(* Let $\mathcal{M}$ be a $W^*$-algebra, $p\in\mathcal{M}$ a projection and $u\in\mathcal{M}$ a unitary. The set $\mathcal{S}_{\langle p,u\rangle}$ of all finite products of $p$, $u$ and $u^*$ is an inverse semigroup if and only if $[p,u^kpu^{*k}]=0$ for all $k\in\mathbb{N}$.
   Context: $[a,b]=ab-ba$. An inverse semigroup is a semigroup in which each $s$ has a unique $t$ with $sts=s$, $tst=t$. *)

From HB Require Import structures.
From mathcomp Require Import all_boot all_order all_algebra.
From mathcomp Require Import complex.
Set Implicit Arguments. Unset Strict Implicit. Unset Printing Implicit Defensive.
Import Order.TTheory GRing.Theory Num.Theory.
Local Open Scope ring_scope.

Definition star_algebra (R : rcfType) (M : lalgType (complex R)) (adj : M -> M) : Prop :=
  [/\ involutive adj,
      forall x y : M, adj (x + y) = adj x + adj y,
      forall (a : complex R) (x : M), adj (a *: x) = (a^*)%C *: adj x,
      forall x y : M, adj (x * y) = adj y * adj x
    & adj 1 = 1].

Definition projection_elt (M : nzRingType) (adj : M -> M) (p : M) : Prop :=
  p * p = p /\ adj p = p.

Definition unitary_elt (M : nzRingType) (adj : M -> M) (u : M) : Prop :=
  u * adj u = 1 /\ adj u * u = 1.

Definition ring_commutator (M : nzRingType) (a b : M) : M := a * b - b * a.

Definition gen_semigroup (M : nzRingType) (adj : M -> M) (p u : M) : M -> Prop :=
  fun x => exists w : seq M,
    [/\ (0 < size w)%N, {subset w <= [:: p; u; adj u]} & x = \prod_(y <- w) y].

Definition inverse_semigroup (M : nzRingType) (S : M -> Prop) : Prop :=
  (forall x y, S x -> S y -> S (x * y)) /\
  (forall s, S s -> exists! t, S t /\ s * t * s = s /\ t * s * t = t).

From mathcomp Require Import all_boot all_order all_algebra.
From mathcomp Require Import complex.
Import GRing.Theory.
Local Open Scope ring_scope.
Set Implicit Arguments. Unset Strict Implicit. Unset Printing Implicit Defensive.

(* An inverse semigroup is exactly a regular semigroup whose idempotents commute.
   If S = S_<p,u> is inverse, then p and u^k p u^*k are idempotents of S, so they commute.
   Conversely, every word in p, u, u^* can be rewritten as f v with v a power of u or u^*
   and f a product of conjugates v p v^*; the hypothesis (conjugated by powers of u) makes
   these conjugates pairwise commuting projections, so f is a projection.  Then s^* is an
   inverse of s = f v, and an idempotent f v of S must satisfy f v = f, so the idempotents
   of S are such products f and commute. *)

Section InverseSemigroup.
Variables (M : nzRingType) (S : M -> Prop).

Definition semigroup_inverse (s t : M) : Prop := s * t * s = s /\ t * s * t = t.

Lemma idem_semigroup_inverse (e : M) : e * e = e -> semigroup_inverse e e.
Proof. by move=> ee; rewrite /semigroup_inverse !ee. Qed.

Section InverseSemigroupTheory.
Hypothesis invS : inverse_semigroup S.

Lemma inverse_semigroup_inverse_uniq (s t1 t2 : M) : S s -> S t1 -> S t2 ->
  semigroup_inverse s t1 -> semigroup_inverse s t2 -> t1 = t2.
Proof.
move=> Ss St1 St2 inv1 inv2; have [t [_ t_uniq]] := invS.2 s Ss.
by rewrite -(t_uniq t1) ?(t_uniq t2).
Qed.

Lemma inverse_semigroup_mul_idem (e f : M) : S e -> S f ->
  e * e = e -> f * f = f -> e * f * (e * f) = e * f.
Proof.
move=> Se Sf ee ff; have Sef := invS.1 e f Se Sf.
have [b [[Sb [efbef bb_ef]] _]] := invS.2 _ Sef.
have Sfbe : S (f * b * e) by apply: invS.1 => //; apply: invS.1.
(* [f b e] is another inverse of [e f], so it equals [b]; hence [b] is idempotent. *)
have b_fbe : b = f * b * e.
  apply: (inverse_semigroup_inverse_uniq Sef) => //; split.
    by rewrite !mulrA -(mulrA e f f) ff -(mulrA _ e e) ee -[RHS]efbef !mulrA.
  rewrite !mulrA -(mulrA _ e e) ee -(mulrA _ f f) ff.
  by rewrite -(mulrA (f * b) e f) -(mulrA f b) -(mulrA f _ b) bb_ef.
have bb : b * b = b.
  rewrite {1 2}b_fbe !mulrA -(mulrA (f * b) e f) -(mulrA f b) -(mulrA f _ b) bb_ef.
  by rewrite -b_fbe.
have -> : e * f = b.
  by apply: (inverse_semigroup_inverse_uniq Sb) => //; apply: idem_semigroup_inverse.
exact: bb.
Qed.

════════

_Directions for this task_. Write out exactly the lines that fall from the line with "Definition ring_commutator (M" to the line with "apply: (inverse_semigroup_inverse_uniq Sef)" in the records above, keeping both ends.

_Output of the task_.
Definition ring_commutator (M : nzRingType) (a b : M) : M := a * b - b * a.

Definition gen_semigroup (M : nzRingType) (adj : M -> M) (p u : M) : M -> Prop :=
  fun x => exists w : seq M,
    [/\ (0 < size w)%N, {subset w <= [:: p; u; adj u]} & x = \prod_(y <- w) y].

Definition inverse_semigroup (M : nzRingType) (S : M -> Prop) : Prop :=
  (forall x y, S x -> S y -> S (x * y)) /\
  (forall s, S s -> exists! t, S t /\ s * t * s = s /\ t * s * t = t).

From mathcomp Require Import all_boot all_order all_algebra.
From mathcomp Require Import complex.
Import GRing.Theory.
Local Open Scope ring_scope.
Set Implicit Arguments. Unset Strict Implicit. Unset Printing Implicit Defensive.

(* An inverse semigroup is exactly a regular semigroup whose idempotents commute.
   If S = S_<p,u> is inverse, then p and u^k p u^*k are idempotents of S, so they commute.
   Conversely, every word in p, u, u^* can be rewritten as f v with v a power of u or u^*
   and f a product of conjugates v p v^*; the hypothesis (conjugated by powers of u) makes
   these conjugates pairwise commuting projections, so f is a projection.  Then s^* is an
   inverse of s = f v, and an idempotent f v of S must satisfy f v = f, so the idempotents
   of S are such products f and commute. *)

Section InverseSemigroup.
Variables (M : nzRingType) (S : M -> Prop).

Definition semigroup_inverse (s t : M) : Prop := s * t * s = s /\ t * s * t = t.

Lemma idem_semigroup_inverse (e : M) : e * e = e -> semigroup_inverse e e.
Proof. by move=> ee; rewrite /semigroup_inverse !ee. Qed.

Section InverseSemigroupTheory.
Hypothesis invS : inverse_semigroup S.

Lemma inverse_semigroup_inverse_uniq (s t1 t2 : M) : S s -> S t1 -> S t2 ->
  semigroup_inverse s t1 -> semigroup_inverse s t2 -> t1 = t2.
Proof.
move=> Ss St1 St2 inv1 inv2; have [t [_ t_uniq]] := invS.2 s Ss.
by rewrite -(t_uniq t1) ?(t_uniq t2).
Qed.

Lemma inverse_semigroup_mul_idem (e f : M) : S e -> S f ->
  e * e = e -> f * f = f -> e * f * (e * f) = e * f.
Proof.
move=> Se Sf ee ff; have Sef := invS.1 e f Se Sf.
have [b [[Sb [efbef bb_ef]] _]] := invS.2 _ Sef.
have Sfbe : S (f * b * e) by apply: invS.1 => //; apply: invS.1.
(* [f b e] is another inverse of [e f], so it equals [b]; hence [b] is idempotent. *)
have b_fbe : b = f * b * e.
  apply: (inverse_semigroup_inverse_uniq Sef) => //; split.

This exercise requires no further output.